Video editing method, device and equipment based on 3D reconstruction technology
Technical Field
The present invention relates to the field of video processing technologies, and in particular, to a video editing method, apparatus and device based on a 3D reconstruction technology.
Background
With the development of 5G and short video applications, users gradually started moving from editing pictures to editing videos. The video editing software at the present stage is more in the editing of the whole video timeline, such as deleting useless segments, adding music and the like. If a user wants to edit a certain object in the video, such as changing the color of furniture or modifying the patterns of people and clothes in the video, the user needs to modify the object frame by frame, 7200 frames of images need to be edited in a period of 5 minutes, and the workload is extremely high; there is no way to edit an object and then synchronize the object with a subsequent video frame, thereby resulting in poor experience effect of the user in editing the video.
Disclosure of Invention
In view of this, the present invention provides a video editing method, apparatus and device based on a 3D reconstruction technology, which can automatically apply to the same object on the whole video frame after editing the object in a single frame in a video, thereby improving the efficiency of editing the video by a user and improving the experience effect.

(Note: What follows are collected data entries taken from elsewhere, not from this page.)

(* For every weak composition $\alpha$, the underlying diagram (ignoring labels) of $\mathsf{snow}(D(\alpha))$ equals $\bigcup_{(r,c)\in\mathsf{dark}(\alpha)}\big(([r]\times\{c\})\cup(\{r\}\times[c])\big)$.
   Context: A weak composition is an infinite sequence of nonnegative integers with finitely many positive entries. $D(\alpha)=\{(r,c):1\le c\le\alpha_r\}$, $(r,c)$ being the cell in row $r$ (row 1 on top), column $c$; $[m]=\{1,\dots,m\}$. For a diagram $D$, $\mathsf{snow}(D)$ is built by iterating through rows from bottom to top: in row $r$ take the rightmost cell $(r,c)\in D$ such that column $c$ contains no dark cloud yet; if it exists label it a dark cloud and add snowflake cells at $(r',c)$ for all $r'<r$ with $(r',c)\notin D$. $\mathsf{dark}(\alpha)$ is the set of dark-cloud cells of $\mathsf{snow}(D(\alpha))$. *)

From mathcomp Require Import all_boot.
Set Implicit Arguments. Unset Strict Implicit. Unset Printing Implicit Defensive.

(* A cell (r, c): row r (row 1 on top), column c. *)
Definition cell := (nat * nat)%type.

(* A weak composition is represented by the finite list of its entries
   alpha_1, alpha_2, ...; all later entries are 0.  alpha_r = nth 0 a r.-1. *)
Definition wcomp_entry (a : seq nat) (r : nat) : nat := nth 0 a r.-1.

Definition diagram (a : seq nat) : seq cell :=
  [seq (r, c) | r <- iota 1 (size a), c <- iota 1 (wcomp_entry a r)].

Definition max_row (D : seq cell) : nat := foldr maxn 0 [seq x.1 | x <- D].

(* One step of the snow construction, processing row r given the list of
   dark clouds already placed: take the rightmost cell (r,c) of D whose
   column c contains no dark cloud yet, and make it a dark cloud. *)
Definition snow_step (D : seq cell) (dark : seq cell) (r : nat) : seq cell :=
  let cands := [seq x <- D | (x.1 == r) && (x.2 \notin map snd dark)] in
  if cands is [::] then dark else (r, foldr maxn 0 [seq x.2 | x <- cands]) :: dark.

(* Dark clouds of snow(D): iterate through rows from bottom to top. *)
Definition snow_dark (D : seq cell) : seq cell :=
  foldl (snow_step D) [::] (rev (iota 1 (max_row D))).

Definition snowflake (D : seq cell) (x : cell) : bool :=
  (x \notin D) &&
  has (fun d : cell => (1 <= x.1 < d.1) && (x.2 == d.2)) (snow_dark D).

Definition snow_underlying (D : seq cell) (x : cell) : bool :=
  (x \in D) || snowflake D x.

Definition dark (a : seq nat) : seq cell := snow_dark (diagram a).

(** Every dark cloud is a cell of [D(alpha)].  Snowflakes sit above dark
    clouds in their columns, so they lie on the vertical arms; conversely a
    cell of a vertical arm is in [D(alpha)] or is a snowflake, and a cell of a
    horizontal arm is in [D(alpha)] because its rows are left-justified.  For
    the remaining inclusion, look at a cell [(r, c)] of [D(alpha)] when row [r]
    is processed: either column [c] already holds a dark cloud, necessarily in
    a lower row, or [(r, c)] is a candidate and the dark cloud chosen in row
    [r] lies weakly to its right. *)

From mathcomp Require Import all_boot.
From mathcomp Require Import zify.

Set Implicit Arguments.
Unset Strict Implicit.
Unset Printing Implicit Defensive.

Lemma leq_foldr_maxn (s : seq nat) x : x \in s -> x <= foldr maxn 0 s.
Proof.
elim: s => // y s IH; rewrite inE leq_max => /orP [/eqP ->|/IH ->].
  by rewrite leqnn.
by rewrite orbT.
Qed.

Lemma foldr_maxn_mem (s : seq nat) : s != [::] -> foldr maxn 0 s \in s.
Proof.
elim: s => // x [|y s] IH _; first by rewrite /= maxn0 mem_seq1.
rewrite -[foldr _ _ (x :: _)]/(maxn x (foldr maxn 0 (y :: s))) inE.
by case: leqP => _; rewrite ?eqxx ?IH ?orbT.
Qed.

Lemma mem_diagram a r c :
  ((r, c) \in diagram a) = (1 <= r <= size a) && (1 <= c <= wcomp_entry a r).
Proof.
apply/allpairsPdep/andP => [[x [y [+ + [-> ->]]]]|[rP cP]].
  by rewrite !mem_iota; split; lia.
by exists r, c; rewrite !mem_iota; split => //; lia.
Qed.

Lemma mem_diagram_left a r c c' :
  (r, c) \in diagram a -> 1 <= c' <= c -> (r, c') \in diagram a.
Proof. by rewrite !mem_diagram; lia. Qed.

Section SnowDark.

Variable D : seq cell.

Lemma snow_step_sub S r : {subset S <= snow_step D S r}.
Proof.
move=> x xS; rewrite /snow_step.
by case: [seq _ <- D | _] => // y l; rewrite inE xS orbT.
Qed.

Lemma mem_snow_step S r x :
  x \in snow_step D S r -> x \in S \/ (x.1 = r /\ x \in D).
Proof.
rewrite /snow_step; set cands := [seq _ <- D | _].
case Ecands: cands => [|y l]; first by left.
rewrite inE => /orP [/eqP ->|]; last by left.
have /mapP [z] := foldr_maxn_mem (isT : [seq z.2 | z <- y :: l] != [::]).
rewrite -Ecands mem_filter => /andP [/andP [/eqP <- _] zD] ->.
by right; case: z zD.
Qed.

Lemma snow_step_cover S r c : (r, c) \in D ->
  exists2 d, d \in snow_step D S r &
    (d \in S /\ d.2 = c) \/ (d.1 = r /\ c <= d.2).
Proof.
move=> rcD; have [/mapP [d dS ->]|cS] := boolP (c \in map snd S).
  by exists d; [apply: snow_step_sub | left].
rewrite /snow_step; set cands := [seq _ <- D | _].
have rc_cand : (r, c) \in cands by rewrite mem_filter /= eqxx cS rcD.
case Ecands: cands rc_cand => [//|y l] rc_cand.
exists (r, foldr maxn 0 [seq x.2 | x <- y :: l]); first exact: mem_head.
by right; split => //; exact: leq_foldr_maxn (map_f snd rc_cand).
Qed.

Lemma foldl_snow_step_sub S s : {subset S <= foldl (snow_step D) S s}.
Proof.
move=> x; elim: s S => [//|r s IH] S xS /=.
by apply: IH; apply: snow_step_sub.
Qed.

Lemma mem_foldl_snow_step S s x :
  x \in foldl (snow_step D) S s -> x \in S \/ (x.1 \in s /\ x \in D).
Proof.
elim: s S => [|r s IH] S /=; first by left.
move=> /IH [/mem_snow_step [xS|[<- xD]]|[xs xD]]; first by left.
  by right; rewrite mem_head.
by right; rewrite inE xs orbT.
Qed.

Lemma snow_dark_sub : {subset snow_dark D <= D}.
Proof. by move=> x /mem_foldl_snow_step [|[]]. Qed.

Lemma snow_dark_cover r c : (r, c) \in D -> 1 <= r ->
  exists2 d, d \in snow_dark D & (r < d.1 /\ c = d.2) \/ (r = d.1 /\ c <= d.2).
Proof.
move=> rcD r_gt0; set m := max_row D.
have le_r_m : r <= m by apply: leq_foldr_maxn; apply: (map_f fst rcD).
have rows : rev (iota 1 m) = rev (iota r.+1 (m - r)) ++ r :: rev (iota 1 r.-1).
  rewrite {1}(_ : m = r.-1 + (m - r).+1) ?iotaD; last by lia.
  rewrite (_ : 1 + r.-1 = r); last by lia.
  by rewrite rev_cat rev_cons cat_rcons.
rewrite /snow_dark -/m rows foldl_cat /=.
set S := foldl _ [::] _.
have [d dstep [[dS <-]|dr]] := snow_step_cover S rcD.
- exists d; first exact: foldl_snow_step_sub.
  left; split => //; case/mem_foldl_snow_step: dS => [//|[]].
  by rewrite mem_rev mem_iota => /andP [].
- by exists d; [apply: foldl_snow_step_sub | right; case: dr].
Qed.

Lemma snow_underlying_above_dark dr dc r : (dr, dc) \in snow_dark D ->
  1 <= r <= dr -> snow_underlying D (r, dc).
Proof.
move=> dark_d /andP [r_gt0 le_r_dr]; rewrite /snow_underlying /snowflake.
have [//|rcD /=] := boolP ((r, dc) \in D).
apply/hasP; exists (dr, dc) => //=.
rewrite r_gt0 eqxx andbT ltn_neqAle le_r_dr andbT.
by apply: contraNneq rcD => ->; apply: snow_dark_sub.
Qed.

End SnowDark.

Theorem lemma4p14 (a : seq nat) (r c : nat) :
  snow_underlying (diagram a) (r, c) <->
  exists2 d : cell, d \in dark a &
    ((1 <= r <= d.1) /\ c = d.2) \/ (r = d.1 /\ 1 <= c <= d.2).
Proof.
split.
  case/orP => [rcD|/andP [_ /hasP [d dark_d /=]]].
    have := rcD; rewrite mem_diagram => /andP [/andP [r_gt0 _] /andP [c_gt0 _]].
    have [d dark_d [[/ltnW le_r_d ->]|[-> le_c_d]]] :=
      snow_dark_cover rcD r_gt0.
      by exists d => //; left; rewrite r_gt0.
    by exists d => //; right; rewrite c_gt0.
  case/andP => /andP [r_gt0 /ltnW le_r_d] /eqP ->.
  by exists d => //; left; rewrite r_gt0.
case=> [[dr dc]] dark_d /= [[r_in ->]|[-> c_in]].
  exact: snow_underlying_above_dark dark_d r_in.
by apply/orP; left; apply: mem_diagram_left c_in; apply: snow_dark_sub.
Qed.
(* Let $\mathcal{H}_B$ be the two-mode bosonic Fock space with orthonormal basis $\{\lvert m_1, m_0\rangle_B : m_1, m_0 \ge 0\}$, where $\lvert m_1,m_0\rangle_B$ denotes $m_1$ photons in the ''$1$'' mode and $m_0$ photons in the ''$0$'' mode. Let $\mathcal{H}_E$ be a Hilbert space. Let $$\lvert\psi_0\rangle = \sum_{m_1\ge 0,\, m_0\ge 0} \lvert m_1,m_0\rangle_B \lvert e_{m_1,m_0}\rangle_E \in \mathcal{H}_B\otimes\mathcal{H}_E$$ be a unit vector, where the $\lvert e_{m_1,m_0}\rangle_E\in\mathcal{H}_E$ are (unnormalized) vectors. Let $U_R$ be a unitary operator on $\mathcal{H}_B\otimes\mathcal{H}_E$ such that for all $m_1,m_0\ge 0$, $$U_R \lvert m_1,m_0\rangle_B\lvert e_{m_1,m_0}\rangle_E = \lvert 0,1\rangle_B \lvert g^{0,1}_{m_1,m_0}\rangle_E + \lvert 1,0\rangle_B \lvert g^{1,0}_{m_1,m_0}\rangle_E + \lvert 0,0\rangle_B \lvert g^{0,0}_{m_1,m_0}\rangle_E$$ for some vectors $\lvert g^{j,k}_{m_1,m_0}\rangle_E\in\mathcal{H}_E$. Define $$\lvert h_0\rangle_E = \frac{1}{\sqrt 2}\sum_{m_1\ge 1,\, m_0\ge 1}\lvert g^{0,1}_{m_1,m_0}\rangle_E,\qquad \lvert h_1\rangle_E = \frac{1}{\sqrt 2}\sum_{m_1\ge 1,\, m_0\ge 1}\lvert g^{1,0}_{m_1,m_0}\rangle_E,$$ and $$p_{\mathrm{double}} = \sum_{m_1\ge 1,\, m_0\ge 1}\langle e_{m_1,m_0}\vert e_{m_1,m_0}\rangle_E .$$ Then $\langle h_0\vert h_0\rangle_E \le \frac12 p_{\mathrm{double}}$ and $\langle h_1\vert h_1\rangle_E \le \frac12 p_{\mathrm{double}}$.
   Context: $p_{\mathrm{double}}$ is the probability that a computational-basis photon-number measurement of the $B$ system of $\lvert\psi_0\rangle$ yields at least one photon in each of the two modes (a ''double-click''). Infinite sums are understood as norm-convergent sums in the respective Hilbert spaces. *)

From HB Require Import structures.
From mathcomp Require Import all_boot all_order all_algebra.
From mathcomp Require Import complex.
From mathcomp Require Import reals.
Set Implicit Arguments.
Unset Strict Implicit.
Unset Printing Implicit Defensive.
Import Order.TTheory GRing.Theory Num.Theory.
Local Open Scope ring_scope.
Local Open Scope complex_scope.

Section Defs.
Variable R : realType.
Local Notation C := R[i].

(* Inner product (physics convention: antilinear in the first argument,
   linear in the second) on a complex vector space E. *)
Definition is_inner_product (E : lmodType C) (ip : E -> E -> C) : Prop :=
  [/\ (forall (a : C) (x y z : E), ip x (a *: y + z) = a * ip x y + ip x z),
      (forall x y : E, ip y x = (ip x y)^*),
      (forall x : E, 0 <= ip x x)
    & (forall x : E, ip x x = 0 -> x = 0)].

Definition nsq (E : lmodType C) (ip : E -> E -> C) (x : E) : R := complex.Re (ip x x).

Definition ip_complete (E : lmodType C) (ip : E -> E -> C) : Prop :=
  forall u : nat -> E,
    (forall eps : R, 0 < eps -> exists N : nat, forall m n : nat,
        (N <= m)%N -> (N <= n)%N -> nsq ip (u m - u n) < eps) ->
    exists l : E, forall eps : R, 0 < eps -> exists N : nat, forall n : nat,
        (N <= n)%N -> nsq ip (u n - l) < eps.

Definition is_hilbert (E : lmodType C) (ip : E -> E -> C) : Prop :=
  is_inner_product ip /\ ip_complete ip.

(* Unordered (norm-)convergent sum over the index set {i | P i}:
   the net of finite partial sums converges to S w.r.t. the
   "size" function d (d = squared norm, or modulus). *)
Definition has_sum (V : zmodType) (d : V -> R) (I : eqType)
    (P : pred I) (f : I -> V) (S : V) : Prop :=
  forall eps : R, 0 < eps -> exists s0 : seq I, all P s0 /\
    forall s : seq I, uniq s -> all P s -> {subset s0 <= s} ->
      d (\sum_(i <- s) f i - S) < eps.

Definition Chas_sum (I : eqType) (P : pred I) (f : I -> C) (S : C) : Prop :=
  has_sum (fun z : C => complex.Re `|z|) P f S.

Definition Ehas_sum (E : lmodType C) (ip : E -> E -> C)
    (I : eqType) (P : pred I) (f : I -> E) (S : E) : Prop :=
  has_sum (nsq ip) P f S.

(* Two-mode Fock space tensor H_E, realised as l^2(N x N; H_E):
   the vector  sum_{m} |m1,m0>_B |v_m>_E  is the function m |-> v_m. *)
Definition state (E : lmodType C) := (nat * nat -> E)%type.

Definition l2_norm_sq (E : lmodType C) (ip : E -> E -> C) (f : state E) (s : C) :=
  Chas_sum predT (fun m => ip (f m) (f m)) s.

Definition in_l2 (E : lmodType C) (ip : E -> E -> C) (f : state E) :=
  exists s, l2_norm_sq ip f s.

Definition ket (E : lmodType C) (m : nat * nat) (v : E) : state E :=
  fun k => if k == m then v else 0.
Definition function_space (F : set fn) :=
  [/\ F fzero, (forall f g, F f -> F g -> F (fadd f g)),
      (forall a f, F f -> F (fscale a f)) & (forall f, F f -> continuous f)].

Definition is_topology_on (F : set fn) (T : set (set fn)) :=
  [/\ (forall U, T U -> U `<=` F), T F,
      (forall U V, T U -> T V -> T (U `&` V)) &
      (forall S : set (set fn), S `<=` T -> T (\bigcup_(U in S) U))].

Definition add_continuous (F : set fn) (T : set (set fn)) :=
  forall f g U, F f -> F g -> T U -> U (fadd f g) ->
    exists V W, [/\ T V, T W, V f, W g &
                    forall h k, V h -> W k -> U (fadd h k)].

Definition scale_continuous (F : set fn) (T : set (set fn)) :=
  forall a f U, F f -> T U -> U (fscale a f) ->
    exists e : K, 0 < e /\ exists V, [/\ T V, V f &
       forall b h, `|b - a| < e -> V h -> U (fscale b h)].

Definition convex_fset (V : set fn) :=
  forall f g (t : K), V f -> V g -> 0 <= t <= 1 ->
    V (fadd (fscale t f) (fscale (1 - t) g)).

Definition locally_convex (T : set (set fn)) :=
  forall f U, T U -> U f -> exists V, [/\ T V, V f, convex_fset V & V `<=` U].

Definition hausdorff_on (F : set fn) (T : set (set fn)) :=
  forall f g, F f -> F g -> f <> g ->
    exists U V, [/\ T U, T V, U f, V g & U `&` V = set0].

Definition lc_hausdorff (F : set fn) (T : set (set fn)) :=
  [/\ is_topology_on F T, add_continuous F T, scale_continuous F T,
      locally_convex T & hausdorff_on F T].

Definition bounded_in (F : set fn) (T : set (set fn)) (B : set fn) :=
  B `<=` F /\
  forall U, T U -> U fzero -> exists s : K, 0 < s /\
    forall t : K, s < t -> forall f, B f -> exists u, U u /\ f = fscale t u.

Definition compact_in (T : set (set fn)) (D : set fn) :=
  forall S : set (set fn), S `<=` T -> D `<=` \bigcup_(U in S) U ->
    exists S', [/\ finite_set S', S' `<=` S & D `<=` \bigcup_(U in S') U].

Definition abs_convex (D : set fn) :=
  forall f g (a b : K), D f -> D g -> `|a| + `|b| <= 1 ->
    D (fadd (fscale a f) (fscale b g)).

Definition BBC (F : set fn) (T Tt : set (set fn)) :=
  forall B, bounded_in F T B ->
    exists D, [/\ B `<=` D, abs_convex D, bounded_in F T D & compact_in Tt D].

In order to achieve the above object, the present invention provides a video editing method based on a 3D reconstruction technique, the method comprising:
acquiring a video to be edited;
detecting an identifiable object in each frame of the video to be edited;
reconstructing a first 3D model corresponding to each of the objects using a neural network;
selecting a current frame of the object in the video to be edited, editing the selected object, modifying the first 3D model by the edited content, and generating a second 3D model;
and performing real-time attitude estimation on each frame image of the object based on the second 3D model, driving the second 3D model to generate a replacement image according to the attitude estimation, and rendering the replacement image to all frames of the same object of the video to be edited.
Preferably, the detecting an identifiable object in each frame of the video to be edited includes:
and detecting identifiable objects in each frame of the video to be edited by utilizing a general object detection technology.
Preferably, the reconstructing, by using a neural network, the first 3D model corresponding to each of the objects includes:
reconstructing, by an auto-encoder, the first 3D model corresponding to each of the objects from the voxel composition of the object.
Preferably, performing real-time pose estimation on each frame of image of the video to be edited based on the second 3D model, driving the second 3D model to generate a replacement image according to the pose estimation, rendering the replacement image to all frames of the same object of the video to be edited, performing real-time pose estimation on the object based on the 3D model, and driving the 3D model to render the edited content to all frames of the same object of the video to be edited includes:
cutting out the object according to the coordinates of each frame of image where the object is located, and inputting the object into the second 3D model;
outputting the coordinates of each frame of image where the object is located and the three-dimensional posture parameters of the object;
and driving the second 3D model to rotate and translate to the position where the object appears in each corresponding frame image according to the coordinates and the three-dimensional posture parameters, projecting the edited content to all frames of the same object, replacing pixel points in all frames, and realizing rendering.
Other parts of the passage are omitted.